FormalPara Key Points
  • Cancer patients who participate in clinical trials typically experience better outcomes, including increased survival and improved emotional and spiritual wellbeing.

  • Diverse representation in clinical trials is a matter of health equity, fairness, and public trust.

  • Trial participants should reflect the population affected by the disease.

  • Raising awareness, providing education, improving access, and allowing people to remain in their communities are essential for improving clinical trial diversity.

  • Community visits to raise awareness and build relationships of trust and safety are important first steps in recruiting Indigenous people to clinical trials.

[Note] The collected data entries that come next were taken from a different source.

(* Let $r,p,q\ge1$ and $n\ge0$, and suppose the variety $\mathcal V$ is $(3,2r)$-modular (i.e. has $2r+1$ Day terms) and has $n+2$ Gumm terms. Then $\mathcal V$ is $(z,w)$-modular, where $z=2^p2^q-1$ and $w=2r^q+(2^q2^{p+1}-2^{q+2}-2p+2)n$.
   Context: $\circ$ is relational composition, juxtaposition is intersection. For relations $X,Y$ and $m\ge1$, $X\circ_m Y$ denotes $X\circ Y\circ X\circ\cdots$ with $m$ factors. For $m\ge3$, a variety is $(m,k)$-modular if each of its algebras satisfies $\alpha(\beta\circ_m\alpha\gamma)\subseteq\alpha\beta\circ_k\alpha\gamma$ for all congruences $\alpha,\beta,\gamma$. A variety has $n+2$ Gumm terms if it has ternary terms $p,j_1,\dots,j_{n+1}$ satisfying: $x=j_i(x,y,x)$ for all $i$; $x=p(x,z,z)$; $p(x,x,z)=j_1(x,x,z)$; $j_i(x,z,z)=j_{i+1}(x,z,z)$ for odd $i\le n$; $j_i(x,x,z)=j_{i+1}(x,x,z)$ for even $i\le n$; $j_{n+1}(x,y,z)=z$. *)

From mathcomp Require Import all_boot.
Set Implicit Arguments. Unset Strict Implicit. Unset Printing Implicit Defensive.

Section UA.
Variable ops : Type.
Variable arity : ops -> nat.

Inductive term : Type :=
| Var : nat -> term
| App : forall f : ops, ('I_(arity f) -> term) -> term.

Record algebra : Type := Algebra {
  carrier :> Type;
  interp : forall f : ops, ('I_(arity f) -> carrier) -> carrier
}.

Fixpoint eval (A : algebra) (v : nat -> A) (t : term) : A :=
  match t with
  | Var i => v i
  | App f args => @interp A f (fun i => eval v (args i))
  end.

(** A variety is given by a set E of identities (Birkhoff); its members are
    the models of E. *)
Definition in_variety (E : term -> term -> Prop) (A : algebra) : Prop :=
  forall s t, E s t -> forall v : nat -> A, eval v s = eval v t.

Definition eval3 (A : algebra) (t : term) (a b c : A) : A :=
  eval (fun i => match i with 0 => a | 1 => b | _ => c end) t.

Definition V_sat3 (E : term -> term -> Prop) (s t : term) : Prop :=
  forall A : algebra, in_variety E A -> forall a b c : A, eval3 s a b c = eval3 t a b c.

Definition congruence (A : algebra) (R : A -> A -> Prop) : Prop :=
  (forall x, R x x) /\ (forall x y, R x y -> R y x) /\
  (forall x y z, R x y -> R y z -> R x z) /\
  (forall f (a b : 'I_(arity f) -> A), (forall i, R (a i) (b i)) ->
     R (@interp A f a) (@interp A f b)).
End UA.
(* Let $B>0$, $C\in\mathbb{R}$ and $\mu\in\mathbb{R}$. On $\ell^2(\mathbb{N}_0)$ with standard orthonormal basis $(e_k)_{k\ge 0}$, let $H$ be the bounded self-adjoint Jacobi operator $$H e_0=\mu e_0+C e_1,\qquad H e_1=C e_0+B e_2,\qquad H e_k=B e_{k-1}+B e_{k+1}\ (k\ge 2),$$ i.e. the tridiagonal matrix with diagonal $(\mu,0,0,\dots)$ and off-diagonal $(C,B,B,\dots)$. Put $\mu_B=\mu/B$ and $C_B=C/B$, and assume the decay condition: if $C\neq B$, $$2\,|1-C_B^2|<\Big|\,|\mu_B|-\sqrt{\mu_B^2+4C_B^2-4}\,\Big|,$$ and if $C=B$, $|\mu_B|<1$. Fix a finite index $j\ge 0$ and let $\psi(t)=e^{-iHt}e_j$. Then $$\lim_{t\to+\infty}\langle n_j(t)\rangle=\lim_{t\to+\infty}|\langle e_j,\psi(t)\rangle|^2=0 .$$
   Context: $n_j=e_je_j^\dagger$ denotes the projection onto $e_j$, and $\langle n_j(t)\rangle=\langle \psi(t),n_j\psi(t)\rangle$ is its expectation value in the time-evolved state $\psi(t)=e^{-iHt}e_j$ (units with $\hbar=1$). In the decay condition, when $\mu_B^2+4C_B^2-4<0$ the square root is the principal complex square root and the outer $|\cdot|$ is the complex modulus. *)

From Stdlib Require Import Reals.
From Coquelicot Require Import Coquelicot.
Open Scope R_scope.

(* Matrix entries H_{k m} of the Jacobi operator on l^2(N_0):
   diagonal (mu,0,0,...), off-diagonal (C,B,B,...). *)
Definition Hent (mu B Cc : R) (k m : nat) : R :=
  if Nat.eqb k m then (if Nat.eqb k 0 then mu else 0)
  else if orb (Nat.eqb (S k) m) (Nat.eqb k (S m)) then
         (if Nat.eqb (Nat.min k m) 0 then Cc else B)
  else 0.

(* Matrix entries of H^n: (H^{n+1})_{kl} = sum_m H_{km} (H^n)_{ml};
   since H is tridiagonal only m = k-1, k, k+1 contribute. *)
Fixpoint Hpow (mu B Cc : R) (n : nat) (k l : nat) : R :=
  match n with
  | O => if Nat.eqb k l then 1 else 0
  | S n' =>
      (match k with O => 0 | S k' => Hent mu B Cc k k' * Hpow mu B Cc n' k' l end)
      + Hent mu B Cc k k * Hpow mu B Cc n' k l
      + Hent mu B Cc k (S k) * Hpow mu B Cc n' (S k) l
  end.

Definition expTerm (mu B Cc t : R) (k l n : nat) : C :=
  Cmult (Cdiv (Cpow (Cmult (Copp Ci) (RtoC t)) n) (RtoC (INR (Factorial.fact n))))
        (RtoC (Hpow mu B Cc n k l)).

(* <e_k, e^{-iHt} e_l> = sum_n (-iHt)^n/n! matrix entry (operator-norm convergent
   exponential series), summed via its real and imaginary parts. *)
Definition amp (mu B Cc t : R) (k l : nat) : C :=
  (Series (fun n => Re (expTerm mu B Cc t k l n)),
   Series (fun n => Im (expTerm mu B Cc t k l n))).

Definition csqrtR (x : R) : C :=
  if Rle_dec 0 x then RtoC (sqrt x) else (0, sqrt (- x)).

Cancer patients who participate in clinical trials typically experience better outcomes. They receive early access to new treatments, increased survival, and improved wellbeing. Clearly, clinical trial participants should represent the population affected by the disease being studied. In addition, people experiencing the disease should have equal access to trials, regardless of their location, culture, or socioeconomic background. However, equal access is rarely the reality. This chapter considers Indigenous peoples’ access to clinical trials in Australia, the USA, and Aotearoa New Zealand.

The Australian Context

The Australian Government is committed to conducting clinical trials and ensuring that Australia remains at the forefront of cancer research, including its origins and treatment. Clinical trial participants currently do not represent the country’s diverse population. While little is known about the participation of Aboriginal and Torres Strait Islander people owing to under-reporting of Indigenous status, they are thought to be under-represented in clinical trials [1].

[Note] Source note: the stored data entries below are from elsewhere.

(* Consider the data-selling model described in the context, with $n$ buyers, and assume $z_0<\frac{1}{2\sqrt{\gamma}}\cdot\frac{n+1}{2n+1}$. Let $G$ be a core-periphery network on $N$ with periphery $P$, $|P|=m$, and core $K=N\setminus P$, $|K|=n-m$. Evaluate the payoffs on $G$ at the optimal contract whose target set is $P$. Then $G$ is Pareto-efficient among networks on $N$ with $n$ nodes: there is no network $G'$ on $N$ and optimal contract $C'$ for $G'$ such that - the seller's optimal profit under $G'$ is at least that under $G$, and - every buyer's expected payoff under $(G',C')$ is at least his payoff under $G$, with strict inequality for at least one buyer.
   Context: Model. There is a finite set of buyers $N=\{1,\dots,n\}$ and an undirected network $G$ on $N$; $N_i$ is the set of neighbors of $i$. A state $\theta\sim N(0,1/z_0)$ with $z_0>0$ is unknown to all. A contract $C$ consists of a target set $M(C)\subseteq N$, a common precision $z>0$, and prices $p_i\ge0$ for $i\in M(C)$. Each $i\in M(C)$ receives a signal $s_i=\theta+\varepsilon_i$, with $\varepsilon_i\sim N(0,1/z)$ independent. Each buyer observes the signals of his neighbors in $M(C)$ (and his own if he is in $M(C)$) and chooses $a_i$ to maximize $E[-(a_i-\theta)^2]$. With $m_i=|N_i\cap M(C)|$, buyer $i\in M(C)$ gets expected payoff $-\frac{1}{z_0+(m_i+1)z}-p_i$, and buyer $i\notin M(C)$ gets $-\frac{1}{z_0+m_iz}$. Buyer $i\in M(C)$ accepts iff $p_i\le \frac{1}{z_0+m_iz}-\frac{1}{z_0+(m_i+1)z}$. A contract is feasible if all $i\in M(C)$ accept. The seller's profit is $\sum_{i\in M(C)}p_i-\gamma z$ with $\gamma>0$. An optimal contract is a feasible contract maximizing the seller's profit. A core-periphery network with core $K$ and periphery $P$ (a partition of $N$) is one in which each core node is linked to every other node, and no two periphery nodes are linked. *)

From HB Require Import structures.
From mathcomp Require Import all_boot all_order all_algebra.
From mathcomp Require Import reals.
Set Implicit Arguments. Unset Strict Implicit. Unset Printing Implicit Defensive.
Import Order.TTheory GRing.Theory Num.Theory.
Local Open Scope ring_scope.

(* Buyers are N = 'I_n.  A network is an undirected simple graph:
   a symmetric irreflexive relation on 'I_n. *)
Definition is_network (n : nat) (G : rel 'I_n) : Prop :=
  irreflexive G /\ symmetric G.

Definition core_periphery (n : nat) (G : rel 'I_n) (P : {set 'I_n}) : Prop :=
  (forall k j : 'I_n, k \in ~: P -> j != k -> G k j) /\
  (forall i j : 'I_n, i \in P -> j \in P -> ~~ G i j).

(* A contract: target set M, common precision z, prices p
   (only the values p i for i in M are meaningful). *)
Record contract (R : realType) (n : nat) := Contract {
  target : {set 'I_n};
  prec : R;
  price : 'I_n -> R }.

Section Model.
Variables (R : realType) (n : nat) (z0 gamma : R).

Definition nbrs_in (G : rel 'I_n) (C : contract R n) (i : 'I_n) : nat :=
  #|[set j in target C | G i j]|.

Definition accepts (G : rel 'I_n) (C : contract R n) (i : 'I_n) : Prop :=
  let m := (nbrs_in G C i)%:R in
  price C i <= 1 / (z0 + m * prec C) - 1 / (z0 + (m + 1) * prec C).

Definition feasible (G : rel 'I_n) (C : contract R n) : Prop :=
  0 < prec C /\
  (forall i, i \in target C -> 0 <= price C i /\ accepts G C i).

Definition profit (C : contract R n) : R :=
  \sum_(i in target C) price C i - gamma * prec C.

Definition optimal (G : rel 'I_n) (C : contract R n) : Prop :=
  feasible G C /\ (forall C' : contract R n, feasible G C' -> profit C' <= profit C).

Definition payoff (G : rel 'I_n) (C : contract R n) (i : 'I_n) : R :=
  let m := (nbrs_in G C i)%:R in
  if i \in target C then - (1 / (z0 + (m + 1) * prec C)) - price C i
  else - (1 / (z0 + m * prec C)).

Definition pareto_dominates (G' : rel 'I_n) (C' : contract R n)
    (G : rel 'I_n) (C : contract R n) : Prop :=
  profit C <= profit C' /\
  (forall i, payoff G C i <= payoff G' C' i) /\
  (exists i, payoff G C i < payoff G' C' i).

End Model.

From mathcomp Require Import all_boot all_order all_algebra.
From mathcomp Require Import reals.
From mathcomp Require Import ring lra.
Import Order.TTheory GRing.Theory Num.Theory.
Set Implicit Arguments.
Unset Strict Implicit.
Unset Printing Implicit Defensive.
Local Open Scope ring_scope.

(* A targeted buyer who sees d other targeted signals pays, at an optimum, exactly
   his drop in posterior variance 1/(z0 + d z) - 1/(z0 + (d + 1) z).  When z0 is
   small this drop decays faster than 1/(d + 1), so by the Caro-Wei bound
   sum_i 1/(d_i + 1) <= alpha(G) the seller earns strictly more by selling to an
   independent set: every optimal contract targets an independent set.
   On a core-periphery network targeted at P, a competitor that leaves every
   buyer at least as well off cannot target a core buyer (he would lose the |P|
   signals he sees), so it targets a subset of P; matching the profit forces it
   to target all of P, and strict concavity of y |-> |P| (1/z0 - 1/(z0 + y)) - gamma y
   forces the same precision.  Then no buyer's payoff can strictly increase. *)

Section SignalValue.
Variable R : realFieldType.
Implicit Types a d x y z : R.

Lemma ler_pdiv_cross (p q x y : R) : 0 < x -> 0 < y -> p * y <= q * x -> p / x <= q / y.
Proof. by move=> x_gt0 y_gt0 h; rewrite ler_pdivrMr // mulrAC ler_pdivlMr. Qed.

Lemma ltr_pdiv_cross (p q x y : R) : 0 < x -> 0 < y -> p * y < q * x -> p / x < q / y.
Proof. by move=> x_gt0 y_gt0 h; rewrite ltr_pdivrMr // mulrAC ltr_pdivlMr. Qed.

(* The drop in posterior variance caused by one more signal of precision [z]
   for a buyer who already sees [d] of them: the highest price he accepts. *)
Definition signal_value a d z := 1 / (a + d * z) - 1 / (a + (d + 1) * z).

Lemma signal_value0 a z : signal_value a 0 z = 1 / a - 1 / (a + z).
Proof. by rewrite /signal_value mul0r addr0 add0r (mul1r z). Qed.

Lemma signal_valueE a d z : 0 < a -> 0 <= d -> 0 < z ->
  signal_value a d z = z / ((a + d * z) * (a + (d + 1) * z)).
Proof.
move=> a_gt0 d_ge0 z_gt0; rewrite /signal_value; field.
by apply/andP; split; rewrite gt_eqF //; nra.
Qed.

Lemma signal_value_gt0 a d z : 0 < a -> 0 <= d -> 0 < z -> 0 < signal_value a d z.
Proof.
move=> a_gt0 d_ge0 z_gt0; rewrite signal_valueE //.
by apply: divr_gt0 => //; apply: mulr_gt0; nra.
Qed.

Lemma signal_value_lt_share a d z : 0 < a -> 1 <= d -> a < 2 * z ->
  signal_value a d z < signal_value a 0 z * (1 / (d + 1)).
Proof.
move=> a_gt0 d_ge1 lt_a_2z; have z_gt0 : 0 < z by lra.
rewrite !signal_valueE //; last lra.
have -> : z / ((a + 0 * z) * (a + (0 + 1) * z)) * (1 / (d + 1))
          = z / (a * (a + z) * (d + 1)).
  by field; apply/and3P; split; rewrite gt_eqF //; nra.
apply: ltr_pdiv_cross; [apply: mulr_gt0; nra | by rewrite !pmulr_rgt0 //; lra |].
have cubic_gt0 : 0 < z * d * ((d + 1) * z ^+ 2 + a * z - a ^+ 2).
  by rewrite !pmulr_rgt0 //; nra.
have -> : z * ((a + d * z) * (a + (d + 1) * z)) =
          z * (a * (a + z) * (d + 1)) + z * d * ((d + 1) * z ^+ 2 + a * z - a ^+ 2).
  by ring.
lra.
Qed.
(* Let $\hat B=(\hat\beta_{k,j})$ and $\tilde B_0=(\tilde\beta^0_{k,j})$ be real $p\times p$ matrices, let $\hat s$ and $\tilde s$ be their numbers of nonzero entries, and let $\tilde\lambda>0$, $0\le\eta_1<1$, $0<\eta_2^2<1-\eta_1$. Suppose $\|\hat B-\tilde B_0\|_F\le\tilde\lambda\sqrt{\tilde s}$ and $$\#\{(k,j):|\tilde\beta^0_{k,j}|\ge\tilde\lambda/\eta_2\}\ge(1-\eta_1)\tilde s.$$ Then $\hat s\ge(1-\eta_1-\eta_2^2)\tilde s$.
   Context: $\|\cdot\|_F$ denotes the Frobenius norm. *)

From HB Require Import structures.
From mathcomp Require Import all_boot all_order all_algebra.
From mathcomp Require Import reals.
Set Implicit Arguments. Unset Strict Implicit. Unset Printing Implicit Defensive.
Import Order.TTheory GRing.Theory Num.Theory.
Local Open Scope ring_scope.

Definition frobenius (R : realType) (m n : nat) (A : 'M[R]_(m, n)) : R :=
  Num.sqrt (\sum_(i < m) \sum_(j < n) A i j ^+ 2).

Definition nnz (R : realType) (m n : nat) (A : 'M[R]_(m, n)) : nat :=
  #|[set ij : 'I_m * 'I_n | A ij.1 ij.2 != 0]|.

From HB Require Import structures.
From mathcomp Require Import all_boot all_order all_algebra.
From mathcomp Require Import reals.
From mathcomp Require Import lra.
Import Order.TTheory GRing.Theory Num.Theory.
Local Open Scope ring_scope.

(* An entry of B of size at least t is either in the support of A or an entry
   of A - B of size at least t; since the squared Frobenius norm of A - B is at
   most lam^2 s, Chebyshev's counting bound leaves at most eta2^2 s entries
   of the second kind when t = lam / eta2. *)

Section LargeEntries.

Context {R : realType} {m n : nat}.

Definition large_entries (t : R) (A : 'M[R]_(m, n)) : {set 'I_m * 'I_n} :=
  [set ij | t <= `|A ij.1 ij.2|].

Lemma frobenius_sqr (A : 'M[R]_(m, n)) :
  frobenius A ^+ 2 = \sum_(ij : 'I_m * 'I_n) A ij.1 ij.2 ^+ 2.
Proof.
rewrite /frobenius pair_big sqr_sqrtr //.
by apply: sumr_ge0 => ij _; apply: sqr_ge0.
Qed.

Lemma card_large_entries_le_frobenius (t : R) (A : 'M[R]_(m, n)) :
  0 <= t -> t ^+ 2 * #|large_entries t A|%:R <= frobenius A ^+ 2.
Proof.
move=> t_ge0; rewrite frobenius_sqr (bigID (mem (large_entries t A))) /=.
rewrite -[leLHS]addr0 mulr_natr -sumr_const; apply: lerD.
  apply: ler_sum => ij; rewrite inE => large_ij.
  by rewrite -[A _ _ ^+ 2]real_normK ?num_real // lerXn2r ?nnegrE.
by apply: sumr_ge0 => ij _; apply: sqr_ge0.
Qed.

Lemma card_large_entries_le_nnz (A B : 'M[R]_(m, n)) (t : R) :
  (#|large_entries t B| <= nnz A + #|large_entries t (A - B)|)%N.
Proof.
rewrite /nnz; apply: leq_trans (leq_card_setU _ _).
apply/subset_leq_card/subsetP => ij; rewrite !inE !mxE.
by case: eqP => //= ->; rewrite sub0r normrN.
Qed.

End LargeEntries.

Theorem lemma7p2 (R : realType) (p : nat) (Bhat B0 : 'M[R]_p)
  (lam eta1 eta2 : R)
  (hlam : 0 < lam) (heta1 : 0 <= eta1) (heta1' : eta1 < 1)
  (heta2pos : 0 < eta2) (heta2 : 0 < eta2 ^+ 2) (heta2' : eta2 ^+ 2 < 1 - eta1)
  (hF : frobenius (Bhat - B0) <= lam * Num.sqrt (nnz B0)%:R)
  (hbig : (1 - eta1) * (nnz B0)%:R <=
          #|[set ij : 'I_p * 'I_p | lam / eta2 <= `|B0 ij.1 ij.2|]|%:R) :
  (1 - eta1 - eta2 ^+ 2) * (nnz B0)%:R <= (nnz Bhat)%:R.
Proof.
set s : R := (nnz B0)%:R; set t := lam / eta2.
have t_gt0 : 0 < t by rewrite divr_gt0.
have frob_sqr_le : frobenius (Bhat - B0) ^+ 2 <= lam ^+ 2 * s.
  rewrite -[s]sqr_sqrtr ?ler0n // -exprMn lerXn2r ?nnegrE //.
    exact: sqrtr_ge0.
  by rewrite mulr_ge0 ?sqrtr_ge0 ?ltW.
have few_large_errors : #|large_entries t (Bhat - B0)|%:R <= eta2 ^+ 2 * s.
  have t_eta2 : t ^+ 2 * eta2 ^+ 2 = lam ^+ 2.
    by rewrite -exprMn divfK ?gt_eqF.
  rewrite -(ler_pM2l (exprn_gt0 2 t_gt0)) mulrA t_eta2.
  exact: le_trans (card_large_entries_le_frobenius _ _ (ltW t_gt0)) frob_sqr_le.
have := card_large_entries_le_nnz Bhat B0 t; rewrite -(ler_nat R) natrD.
rewrite /large_entries -/t in few_large_errors *.
lra.
Qed.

Over 100 clinical trials in Australia are known to have focused on Aboriginal and Torres Strait Islander people. When invited, Aboriginal and Torres Strait Islander people generally participate. However, only about 1.5% of all trials in Australia focus specifically on Indigenous health, and very few of these focus on cancer. Given the disparities in cancer outcomes experienced by Aboriginal and Torres Strait Islander people, their involvement in clinical trials is critical for reasons of equity and social justice. In addition, evidence suggests that cancer patients who participate in clinical trials typically experience better survival and wellbeing outcomes. This underscores the critical importance of ensuring equity in access to critical trials.

Cancer Trial Recruitment in the Northern Territory

The Alan Walker Cancer Care Centre in Darwin (Northern Territory—NT) has a clinical trial unit, which, in 2023, had 23 ongoing clinical trials (43% of all clinical trials in the NT).

Approximately one-third of the NT population identifies as Aboriginal and/or Torres Strait Islander. However, only 15 patients (6%) in the 23 clinical trials identify as such. Clinical trial staff experience several barriers to Indigenous enrollment, including consent processes; language and literacy difficulties; communication between patients, families, and providers; and geographical remoteness.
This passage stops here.